The Catholic University of America

March 12, 2009

CUA Media Studies Professor Wins 'We the People' Grant
National Endowment for the Humanities Award Funds Research, Writing

Jennifer Horne

Jennifer Horne, assistant professor of media studies, has won a $6,000 National Endowment for the Humanities Summer Stipend that will enable her to work for two months on a book about film and civic participation in the United States from 1905 to 1929. Her project received an additional honor as a selection for the NEH's "We the People" initiative.

Of the 881 applications for the 2009 Summer Stipend grant program, Horne's project was among 63 that received funding, according to NEH. Twenty of those 63 projects were designated "We the People" projects.

Titled "Civic Cinema: Spectatorship, Citizenship, and American Silent Film," Horne's book is a study of American film culture in the early part of the 20th century, focusing on the use of educational film by social reformers, educators, cultural institutions, and clubs and civic associations.

L. R. Poos, dean of CUA's School of Arts and Sciences, noted that the "We the People" program is "highly competitive." He described Horne's book as "an extremely original, significant project that will be likely to establish her among the best of her generation of scholars."

The "We the People" initiative is designed to encourage and enhance the teaching, study, and understanding of American history, culture, and democratic principles, according to NEH.

Horne says that she hopes the book will "expand the understanding we have had of moviegoing in the silent era beyond the nickelodeon.
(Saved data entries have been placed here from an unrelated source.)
Lemma sum_grid_rect m (x : gvec m) (rows cols : seq nat) :
  uniq rows -> uniq cols -> all (fun i => i < 2 ^ brow m)%N rows ->
  all (fun j => j < 2 ^ acol m)%N cols ->
  \sum_(p in [set p : Grid m | ((p.1 : nat) \in rows) & ((p.2 : nat) \in cols)]) x p
  = \sum_(i <- rows) \sum_(j <- cols) entry x i j.
Proof.
move=> uniq_r uniq_c lt_r lt_c.
transitivity (\sum_(p : 'I_(2 ^ brow m) * 'I_(2 ^ acol m) |
                ((p.1 : nat) \in rows) && ((p.2 : nat) \in cols)) x (p.1, p.2)).
  by apply: eq_big => [p|[i j] _]; rewrite ?inE.
rewrite -(pair_big (fun i : 'I__ => (i : nat) \in rows) (fun j : 'I__ => (j : nat) \in cols)
  (fun i j => x (i, j))) -(sum_ord_in_seq _ uniq_r lt_r).
apply: eq_bigr => i _; rewrite -(sum_ord_in_seq _ uniq_c lt_c).
by apply: eq_bigr => j _; rewrite -[x _](entryE x (i, j)).
Qed.

Lemma bulk_check_sum m (x : gvec m) i j : (i.+1 < 2 ^ brow m)%N -> (j.+1 < 2 ^ acol m)%N ->
  \sum_(p in bulk_check m i j) x p =
  entry x i j + entry x i j.+1 + entry x i.+1 j + entry x i.+1 j.+1.
Proof.
move=> lt_i lt_j; rewrite (_ : bulk_check m i j =
  [set p : Grid m | ((p.1 : nat) \in [:: i; i.+1]) & ((p.2 : nat) \in [:: j; j.+1])]).
  rewrite sum_grid_rect /= ?inE ?neq_ltn ?ltnSn ?lt_i ?lt_j ?(ltnW lt_i) ?(ltnW lt_j) //.
  by rewrite !big_cons !big_nil !addr0 !addrA.
by apply/setP => p; rewrite !inE.
Qed.

Lemma Posz_succ_inj : injective (fun k : nat => (k.+1)%:Z).
Proof. by move=> k1 k2 [->]. Qed.

Lemma hcheck_sum m (x : gvec m) e v : ((2 * v + 3) * 2 ^ e < 2 ^ acol m)%N ->
  \sum_(p in hcheck m (2 ^ e.+1) ((v.+1)%:Z - (2 ^ (acol m - e.+2))%:Z)) x p =
  line_diff (entry x 0%N) ((2 * v + 1) * 2 ^ e) + line_diff (entry x 0%N) ((2 * v + 3) * 2 ^ e).
Proof.
move=> lt_q'; have /andP[uniq_q lt_q] := check_positions_lt lt_q'.
rewrite (_ : hcheck _ _ _ = [set p : Grid m | ((p.1 : nat) \in [:: 0%N]) &
                                             ((p.2 : nat) \in check_positions e v)]).
  rewrite sum_grid_rect //; last by rewrite /= expn_gt0.
  by rewrite !big_cons !big_nil !addr0 !addrA.
apply/setP => p; rewrite /hcheck !in_set Sline_odd_mul ?(odd_mul_lt_exp lt_q') //.
by rewrite (mem_map Posz_succ_inj) mem_seq1.
Qed.

Lemma vcheck_sum m (x : gvec m) e v : ((2 * v + 3) * 2 ^ e < 2 ^ brow m)%N ->
  \sum_(p in vcheck m (2 ^ e.+1) ((v.+1)%:Z - (2 ^ (brow m - e.+2))%:Z)) x p =
  line_diff (entry x ^~ 0%N) ((2 * v + 1) * 2 ^ e) +
  line_diff (entry x ^~ 0%N) ((2 * v + 3) * 2 ^ e).
Proof.
move=> lt_q'; have /andP[uniq_q lt_q] := check_positions_lt lt_q'.
rewrite (_ : vcheck _ _ _ = [set p : Grid m | ((p.1 : nat) \in check_positions e v) &
                                             ((p.2 : nat) \in [:: 0%N])]).
  rewrite sum_grid_rect //; last by rewrite /= expn_gt0.
  by rewrite !big_cons !big_nil !addr0 !addrA.
apply/setP => p; rewrite /vcheck !in_set Sline_odd_mul ?(odd_mul_lt_exp lt_q') //.
by rewrite (mem_map Posz_succ_inj) mem_seq1 andbC.
Qed.

Lemma in_uRM_iff m (x : gvec m) : in_uRM x <->
  [/\ bulk_closed (2 ^ brow m) (2 ^ acol m) (entry x),
      line_closed (acol m) (entry x 0%N) & line_closed (brow m) (entry x ^~ 0%N)].
Proof.
have hclosed := boundary_checks_line_closed (hcheck_sum x).
have vclosed := boundary_checks_line_closed (vcheck_sum x).
have bclosed : (forall i j, (i.+1 < 2 ^ brow m)%N -> (j.+1 < 2 ^ acol m)%N ->
    satisfies x (bulk_check m i j)) <-> bulk_closed (2 ^ brow m) (2 ^ acol m) (entry x).
  split=> closed_x i j lt_i lt_j; have := closed_x i j lt_i lt_j;
  by rewrite /satisfies bulk_check_sum.
by split=> -[/bclosed ? /hclosed ? /vclosed ?].
Qed.

(** * The Gray-code relabelling of the grid *)

Lemma brow_add_acol m : (brow m + acol m)%N = m.
Proof. by rewrite /brow /acol uphalf_half addnCA addnn odd_double_half. Qed.

Lemma brow_ltn m l : (l < brow m)%N -> (l < m)%N.
Proof. by move=> lt_l; rewrite -(brow_add_acol m) ltn_addr. Qed.

Lemma brow_add_ltn m l : (l < acol m)%N -> (brow m + l < m)%N.
Proof. by rewrite -{3}(brow_add_acol m) ltn_add2l. Qed.

Lemma sum_ord_brow_acol (R : nmodType) m (F : nat -> R) :
  \sum_(k < m) F k = \sum_(l < brow m) F l + \sum_(l < acol m) F (brow m + l)%N.
Proof. by rewrite -[in LHS](brow_add_acol m) big_split_ord. Qed.

Definition gray_coord m (p : Grid m) (k : nat) : 'F_2 :=
  if (k < brow m)%N then gray_bit p.1 k else gray_bit p.2 (k - brow m).

Lemma gray_coord_row m (p : Grid m) l : (l < brow m)%N -> gray_coord p l = gray_bit p.1 l.
Proof. by rewrite /gray_coord => ->. Qed.

Lemma gray_coord_col m (p : Grid m) l : gray_coord p (brow m + l) = gray_bit p.2 l.
Proof. by rewrite /gray_coord ltnNge leq_addr addKn. Qed.

Definition gray_code m (p : Grid m) : 'rV['F_2]_m := \row_(k < m) gray_coord p k.

Definition row_coef m (c : 'rV['F_2]_m) (k : nat) : 'F_2 :=
  if (insub k : option 'I_m) is Some k' then c ord0 k' else 0.

Lemma row_coefE m (c : 'rV['F_2]_m) (k : 'I_m) : row_coef c k = c ord0 k.
Proof. by rewrite /row_coef valK. Qed.

Lemma RM1vec_gray_code m c0 (c : 'rV['F_2]_m) (p : Grid m) :
  RM1vec c0 c (gray_code p) = c0 + \sum_(l < brow m) row_coef c l * gray_bit p.1 l
                                 + \sum_(l < acol m) row_coef c (brow m + l) * gray_bit p.2 l.
Proof.
rewrite ffunE -addrA (eq_bigr (fun k : 'I_m => row_coef c k * gray_coord p k)) => [|k _].
  rewrite (sum_ord_brow_acol _ (fun k => row_coef c k * gray_coord p k)).
  by congr (_ + (_ + _)); apply: eq_bigr => l _; rewrite ?gray_coord_col ?gray_coord_row.
by rewrite mxE row_coefE.
Qed.

Lemma gray_code_inj m : injective (@gray_code m).
Proof.
move=> [i j] [i' j'] /rowP eq_code; congr pair; apply: val_inj.
  apply: (gray_bit_inj (ltn_ord i) (ltn_ord i')) => l lt_l.
  by have := eq_code (Ordinal (brow_ltn lt_l)); rewrite !mxE !gray_coord_row.
apply: (gray_bit_inj (ltn_ord j) (ltn_ord j')) => l lt_l.
by have := eq_code (Ordinal (brow_add_ltn lt_l)); rewrite !mxE !gray_coord_col.
Qed.

Lemma card_Grid m : #|Grid m| = (2 ^ m)%N.
Proof. by rewrite card_prod !card_ord -expnD brow_add_acol. Qed.

Lemma gray_code_bij m : bijective (@gray_code m).
Proof.
apply: inj_card_bij (@gray_code_inj m) _.
by rewrite card_Grid card_mx card_Fp // mul1n.
Qed.

Lemma entry_ord m (x : gvec m) i j (lt_i : (i < 2 ^ brow m)%N) (lt_j : (j < 2 ^ acol m)%N) :
  entry x i j = x (Ordinal lt_i, Ordinal lt_j).
Proof. exact: entryE x (Ordinal lt_i, Ordinal lt_j). Qed.

Lemma row_coef_row m (F : nat -> 'F_2) k : (k < m)%N -> row_coef (\row_(i < m) F i) k = F k.
Proof. by move=> lt_km; rewrite (row_coefE _ (Ordinal lt_km)) mxE. Qed.

Lemma RM1vec_gray_in_uRM m c0 (c : 'rV['F_2]_m) :
  in_uRM [ffun p => RM1vec c0 c (gray_code p)].
Proof.
set x := [ffun p => _].
pose row_part i := \sum_(l < brow m) row_coef c l * gray_bit i l.
pose col_part j := \sum_(l < acol m) row_coef c (brow m + l) * gray_bit j l.
have entry_x i j : (i < 2 ^ brow m)%N -> (j < 2 ^ acol m)%N ->
    entry x i j = c0 + row_part i + col_part j.
  by move=> lt_i lt_j; rewrite (entry_ord x lt_i lt_j) ffunE RM1vec_gray_code.
apply/in_uRM_iff; split.
- by apply: (separable_bulk_closed (al := fun i => c0 + row_part i) (be := col_part)).
- apply: (gray_affine_line_closed (c0 := c0 + row_part 0%N)
                                  (c := fun l => row_coef c (brow m + l))) => j lt_j.
  by rewrite entry_x ?expn_gt0.
- apply: (gray_affine_line_closed (c0 := c0 + col_part 0%N) (c := row_coef c)) => i lt_i.
  by rewrite entry_x ?expn_gt0 // addrAC.
Qed.

Lemma uRM_gray_in_RM1 m (y : {ffun 'rV['F_2]_m -> 'F_2}) :
  in_uRM [ffun p => y (gray_code p)] -> in_RM1 y.
Proof.
set x := [ffun p => _] => /in_uRM_iff[bulk_x row0_x col0_x].
pose coef k := if (k < brow m)%N then line_diff (entry x ^~ 0%N) (2 ^ k)
               else line_diff (entry x 0%N) (2 ^ (k - brow m)).
exists (entry x 0%N 0%N), (\row_(k < m) coef k); apply/ffunP => v.
have [g gK Kg] := gray_code_bij m; rewrite -(Kg v); case: (g v) => i j.
rewrite RM1vec_gray_code -[y _](ffunE (fun p => y (gray_code p))) -/x -(entryE x (i, j)) /=.
rewrite (bulk_closed_separable bulk_x) // (line_closed_gray_expansion col0_x (ltn_ord i)).
rewrite (line_closed_gray_expansion row0_x (ltn_ord j)) addrACA addF2xx add0r [LHS]addrC addrA.
congr (_ + _ + _); apply: eq_bigr => l _.
  by rewrite row_coef_row ?(brow_ltn (ltn_ord l)) // /coef ltn_ord.
by rewrite row_coef_row ?(brow_add_ltn (ltn_ord l)) // /coef ltnNge leq_addr addKn.
Qed.

Lemma in_RM1_gray m (y : {ffun 'rV['F_2]_m -> 'F_2}) :
  in_RM1 y <-> in_uRM [ffun p => y (gray_code p)].
Proof. by split=> [[c0 [c ->]]|]; [apply: RM1vec_gray_in_uRM | apply: uRM_gray_in_RM1]. Qed.

(** * Weights of first-order Reed-Muller codewords *)

Lemma wt_eq0 (T : finType) (x : {ffun T -> 'F_2}) : (wt x == 0%N) = (x == 0).
Proof.
rewrite /wt cards_eq0; apply/eqP/eqP => [/setP supp0 | ->].
  by apply/ffunP => p; have := supp0 p; rewrite !inE ffunE => /negbFE/eqP.
by apply/setP => p; rewrite !inE ffunE eqxx.
Qed.

Section BijectiveRelabelling.

Variables (T U : finType) (sigma : T -> U).
Hypothesis sigma_bij : bijective sigma.

Lemma ffun_comp_inj : injective (fun y : {ffun U -> 'F_2} => [ffun p => y (sigma p)]).
Proof.
have [g _ gK] := sigma_bij; move=> y y' /ffunP eq_y; apply/ffunP => v.
by have := eq_y (g v); rewrite !ffunE gK.
Qed.

Lemma wt_comp (y : {ffun U -> 'F_2}) : wt [ffun p => y (sigma p)] = wt y.
Proof.
rewrite /wt -(on_card_preimset (onW_bij _ sigma_bij)); apply: eq_card => p.
by rewrite !inE ffunE.
Qed.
My research has shown that many more people saw film outside of theaters than we previously understood, encountering films in community centers, granges, church basements, and other spaces of social engagement."

The book will include case studies drawn from the American Red Cross, the Boy Scouts of America, the United Way campaigns, women's clubs, the YMCA, and leading public libraries of the day.

"Presenting new archival evidence and the textual analysis of rare films, this book contributes both to film study and to the history of civic participation in the United States and will illustrate how deeply held ideas about everyday political life and cultural belonging influenced the shape of early cinema," Horne adds.

Founded on the belief that cultivating the best of the humanities has real and tangible benefits for civic life, NEH launched the "We the People" program on Constitution Day, Sept. 17, 2002, according to its Web site.